▶ _PROBLEM DETAILS_:
When a line below contains the string "Hdvs", show that line.

Saved entries:

____________________

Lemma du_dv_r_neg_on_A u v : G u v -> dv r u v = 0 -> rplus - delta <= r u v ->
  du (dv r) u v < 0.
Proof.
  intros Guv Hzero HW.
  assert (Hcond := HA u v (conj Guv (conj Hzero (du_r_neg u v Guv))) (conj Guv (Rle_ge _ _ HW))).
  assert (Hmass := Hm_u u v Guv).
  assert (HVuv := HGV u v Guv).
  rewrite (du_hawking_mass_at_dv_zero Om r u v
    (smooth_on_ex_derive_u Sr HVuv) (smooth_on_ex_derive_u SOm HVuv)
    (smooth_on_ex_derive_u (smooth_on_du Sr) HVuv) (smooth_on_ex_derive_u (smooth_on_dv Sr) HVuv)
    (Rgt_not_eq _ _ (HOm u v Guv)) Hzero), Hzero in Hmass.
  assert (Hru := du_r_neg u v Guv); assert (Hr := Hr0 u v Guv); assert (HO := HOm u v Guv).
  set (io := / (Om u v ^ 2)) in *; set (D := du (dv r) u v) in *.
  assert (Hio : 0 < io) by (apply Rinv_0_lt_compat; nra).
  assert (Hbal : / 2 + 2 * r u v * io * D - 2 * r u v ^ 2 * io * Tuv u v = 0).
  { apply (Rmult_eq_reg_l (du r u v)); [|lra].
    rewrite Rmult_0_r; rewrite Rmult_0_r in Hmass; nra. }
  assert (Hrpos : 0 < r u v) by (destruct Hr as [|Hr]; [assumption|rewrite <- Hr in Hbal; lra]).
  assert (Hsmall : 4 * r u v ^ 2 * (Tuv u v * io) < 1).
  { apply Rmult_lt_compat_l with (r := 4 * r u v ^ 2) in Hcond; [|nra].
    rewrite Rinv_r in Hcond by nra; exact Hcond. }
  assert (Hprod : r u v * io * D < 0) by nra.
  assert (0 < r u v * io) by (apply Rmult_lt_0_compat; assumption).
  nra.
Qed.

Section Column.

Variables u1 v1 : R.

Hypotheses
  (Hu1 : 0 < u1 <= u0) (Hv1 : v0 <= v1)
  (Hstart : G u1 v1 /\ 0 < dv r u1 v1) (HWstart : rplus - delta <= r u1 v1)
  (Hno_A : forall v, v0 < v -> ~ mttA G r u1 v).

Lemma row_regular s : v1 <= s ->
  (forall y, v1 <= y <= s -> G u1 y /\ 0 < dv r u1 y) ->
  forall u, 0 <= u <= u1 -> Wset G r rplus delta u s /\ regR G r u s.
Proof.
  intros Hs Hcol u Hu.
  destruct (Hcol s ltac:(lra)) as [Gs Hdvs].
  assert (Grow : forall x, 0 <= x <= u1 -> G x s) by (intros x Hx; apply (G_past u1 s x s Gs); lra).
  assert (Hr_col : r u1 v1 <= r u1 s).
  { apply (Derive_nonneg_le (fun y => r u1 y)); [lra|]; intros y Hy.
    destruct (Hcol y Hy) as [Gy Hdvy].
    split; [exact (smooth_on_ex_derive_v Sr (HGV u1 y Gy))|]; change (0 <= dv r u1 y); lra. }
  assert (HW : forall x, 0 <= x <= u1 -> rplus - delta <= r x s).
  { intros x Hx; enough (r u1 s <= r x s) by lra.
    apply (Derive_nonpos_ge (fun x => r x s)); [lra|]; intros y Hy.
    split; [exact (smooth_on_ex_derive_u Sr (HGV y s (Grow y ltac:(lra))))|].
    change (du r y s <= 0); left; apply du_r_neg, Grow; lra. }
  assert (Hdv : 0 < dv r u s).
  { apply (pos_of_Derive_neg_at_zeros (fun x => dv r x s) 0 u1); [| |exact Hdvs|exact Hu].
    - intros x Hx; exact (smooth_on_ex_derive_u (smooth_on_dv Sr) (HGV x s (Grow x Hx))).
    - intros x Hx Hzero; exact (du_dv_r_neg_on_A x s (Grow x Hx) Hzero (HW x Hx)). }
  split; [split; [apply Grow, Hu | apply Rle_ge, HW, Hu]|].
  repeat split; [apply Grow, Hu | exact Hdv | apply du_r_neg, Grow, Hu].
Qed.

____________________

▶ _ANSWER SECTION_:
  destruct (Hcol s ltac:(lra)) as [Gs Hdvs].
  { apply (pos_of_Derive_neg_at_zeros (fun x => dv r x s) 0 u1); [| |exact Hdvs|exact Hu].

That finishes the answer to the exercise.